A new image from surveillance footage obtained by "The Austin American-Statement" shows the halls of Robb Elementary at 11:52, at least three officers were in the hallway, two with rifles and one who appears to have a tactical shield, just 19 minutes after the gunman entered the school.

MCCRAW: The doctrine for active shooters is clear. You stop the killing. You stop the dying.

PROKUPECZ: Despite this, they waited in the hallway outside the classrooms and didn't attempt to enter until 12:50 p.m. at the direction of Arredondo.

Arredondo is facing harsh criticism for his alleged lack of action.

UNIDENTIFIED MALE: We were spilled (ph) by Peter Arredondo. He killed our kids, teachers, parents and city.

JOSE FLORES, FATHER OF JOSE FLORES: Turning back the whole hour, leaving them on the site with that gunman, it's not right. It's cowardly. Cowardly -- cowardly stuff.

(END VIDEOTAPE)

PROKUPECZ (on camera): And, Wolf, we reached out to Chief Arredondo's attorney. We've not heard back from the attorney.

Interestingly enough, Wolf, Arredondo was actually in this building here today at the capitol in Austin. He was testifying at a different committee, at a House committee which has been running its own investigation, but the difference there is that testimony, it was behind closed doors. They've been running their own investigation, taking all the testimony behind closed doors.

And, of course, you know, families -- a lot of the families in Uvalde, students who -- the parents of students who went to the school, they say they want Arredondo fired -- Wolf.

BLITZER: CNN's Shimon Prokupecz on the scene for us, thank you very much.

Coming up, a key breakthrough right now in the bipartisan gun deal. We have details when we come back.

(COMMERCIAL BREAK)

[18:58:47]

BLITZER: New information tonight on a breakthrough -- a breakthrough on gun safety legislation in the wake of the mass shootings in Buffalo and Uvalde.

CNN congressional correspondent Jessica Dean is working the story for us.

So, what's the latest, Jessica?

JESSICA DEAN, CNN CONGRESSIONAL CORRESPONDENT: Wolf, this is a very significant step. We now have build text for this bipartisan bill and they are moving ahead with the gun safety legislation.

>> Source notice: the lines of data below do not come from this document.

Definition epi (X Y : Obj C) (f : Mor X Y) : Prop :=
  forall W (g h : Mor Y W), cmp g f = cmp h f -> g = h.

Definition is_kernel (X Y K : Obj C) (f : Mor X Y) (i : Mor K X) : Prop :=
  cmp f i = 0 /\
  forall W (g : Mor W X), cmp f g = 0 -> exists! h : Mor W K, cmp i h = g.

Definition is_cokernel (X Y Q : Obj C) (f : Mor X Y) (p : Mor Y Q) : Prop :=
  cmp p f = 0 /\
  forall W (g : Mor Y W), cmp g f = 0 -> exists! h : Mor Q W, cmp h p = g.

Definition is_biproduct (X Y P : Obj C) (i1 : Mor X P) (i2 : Mor Y P)
  (p1 : Mor P X) (p2 : Mor P Y) : Prop :=
  [/\ cmp p1 i1 = idm X, cmp p2 i2 = idm Y, cmp p1 i2 = 0, cmp p2 i1 = 0
    & cmp i1 p1 + cmp i2 p2 = idm P].

(* abelian (the category is already k-linear, hence preadditive) *)
Definition abelian : Prop :=
  [/\ (exists Z : Obj C, is_zero_obj Z),
      (forall X Y : Obj C, exists P (i1 : Mor X P) (i2 : Mor Y P)
         (p1 : Mor P X) (p2 : Mor P Y), is_biproduct i1 i2 p1 p2),
      (forall (X Y : Obj C) (f : Mor X Y),
         (exists K (i : Mor K X), is_kernel f i) /\
         (exists Q (p : Mor Y Q), is_cokernel f p)),
      (forall (X Y : Obj C) (f : Mor X Y), mono f ->
          exists Z (g : Mor Y Z), is_kernel g f)
    & (forall (X Y : Obj C) (f : Mor X Y), epi f ->
          exists Z (g : Mor Z X), is_cokernel g f)].

(* subobjects of X: monos into X, ordered by factorization *)
Definition sub_le (X : Obj C) (s t : {S : Obj C & Mor S X}) : Prop :=
  exists h : Mor (projT1 s) (projT1 t), cmp (projT2 t) h = projT2 s.

Definition sub_lt (X : Obj C) (s t : {S : Obj C & Mor S X}) : Prop :=
  sub_le s t /\ ~ sub_le t s.

Definition finite_length_obj (X : Obj C) : Prop :=
  exists n : nat, forall c : nat -> {S : Obj C & Mor S X},
    (forall i, mono (projT2 (c i))) ->
    exists i, (i < n)%N /\ ~ sub_lt (c i) (c i.+1).

Definition finite_length : Prop := forall X : Obj C, finite_length_obj X.

End CatDefs.

Record smc (k : fieldType) (C : kcat k) := SMC {
  tens : Obj C -> Obj C -> Obj C;
  tensm : forall X X' Y Y', Mor X X' -> Mor Y Y' -> Mor (tens X Y) (tens X' Y');
  unitob : Obj C;
  alpha : forall X Y Z, Mor (tens (tens X Y) Z) (tens X (tens Y Z));
  alphai : forall X Y Z, Mor (tens X (tens Y Z)) (tens (tens X Y) Z);
  lam : forall X, Mor (tens unitob X) X;
  lami : forall X, Mor X (tens unitob X);
  rho : forall X, Mor (tens X unitob) X;
  rhoi : forall X, Mor X (tens X unitob);
  beta : forall X Y, Mor (tens X Y) (tens Y X);
  tensm_id : forall X Y, tensm (idm X) (idm Y) = idm (tens X Y);
  tensm_comp : forall X X' X'' Y Y' Y'' (f : Mor X X') (g : Mor X' X'')
      (f' : Mor Y Y') (g' : Mor Y' Y''),
      tensm (cmp g f) (cmp g' f') = cmp (tensm g g') (tensm f f');
  tensm_linl : forall X X' Y Y' (a : k) (f f' : Mor X X') (g : Mor Y Y'),
      tensm (a *: f + f') g = a *: tensm f g + tensm f' g;
  tensm_linr : forall X X' Y Y' (a : k) (f : Mor X X') (g g' : Mor Y Y'),
      tensm f (a *: g + g') = a *: tensm f g + tensm f g';
  alphaK : forall X Y Z, cmp (alphai X Y Z) (alpha X Y Z) = idm _;
  alphaKV : forall X Y Z, cmp (alpha X Y Z) (alphai X Y Z) = idm _;
  lamK : forall X, cmp (lami X) (lam X) = idm _;
  lamKV : forall X, cmp (lam X) (lami X) = idm _;
  rhoK : forall X, cmp (rhoi X) (rho X) = idm _;
  rhoKV : forall X, cmp (rho X) (rhoi X) = idm _;
  alpha_nat : forall X X' Y Y' Z Z' (f : Mor X X') (g : Mor Y Y') (h : Mor Z Z'),
      cmp (alpha X' Y' Z') (tensm (tensm f g) h)
      = cmp (tensm f (tensm g h)) (alpha X Y Z);
  lam_nat : forall X X' (f : Mor X X'),
      cmp (lam X') (tensm (idm unitob) f) = cmp f (lam X);
  rho_nat : forall X X' (f : Mor X X'),
      cmp (rho X') (tensm f (idm unitob)) = cmp f (rho X);
  beta_nat : forall X X' Y Y' (f : Mor X X') (g : Mor Y Y'),
      cmp (beta X' Y') (tensm f g) = cmp (tensm g f) (beta X Y);
  pentagon : forall W X Y Z,
      cmp (alpha W X (tens Y Z)) (alpha (tens W X) Y Z)
      = cmp (tensm (idm W) (alpha X Y Z))
             (cmp (alpha W (tens X Y) Z) (tensm (alpha W X Y) (idm Z)));
  triangle : forall X Y,
      cmp (tensm (idm X) (lam Y)) (alpha X unitob Y) = tensm (rho X) (idm Y);
  symmetry : forall X Y, cmp (beta Y X) (beta X Y) = idm (tens X Y);
  hexagon : forall X Y Z,
      cmp (alpha Y Z X) (cmp (beta X (tens Y Z)) (alpha X Y Z))
      = cmp (tensm (idm Y) (beta X Z))
             (cmp (alpha Y X Z) (tensm (beta X Y) (idm Z)))
}.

We also know that Senate Minority Leader Mitch McConnell said he supports this legislation and Senator Romney, one of 10 Republicans who agreed to the frame work, said that he also supports the legislation. They were on a call. So it looks like all things are a go for this.

Let me walk you through what's actually in the bill. It's going to close the so-called boyfriend loophole and what that means is anyone convicted of domestic abuse is not allowed to have a gun. Now there is a provision if it is a misdemeanor and five years pass with no other charges or convictions, that person can get their rights back.

It's also going to revolutionize mental health funding. School services for students who need help, school, and community safety funding. There's also funding for crisis intervention programs, things like drug courts, as well as incentivizing states to set up red flag laws.

And finally, Wolf, it's going to enhance background checks for younger buyers. So, again, this is very significant and, Wolf, we now know -- we just learned in the last few minutes. They are setting up a 7:30 vote to kind of start this process. It's a procedural vote but kicks it all off.

BLITZER: Very significant development indeed. Thanks very much, Jessica Dean on Capitol Hill. And to our viewers, thanks very much for watching. I'm Wolf Blitzer in THE SITUATION ROOM.

"ERIN BURNETT OUTFRONT" starts right now.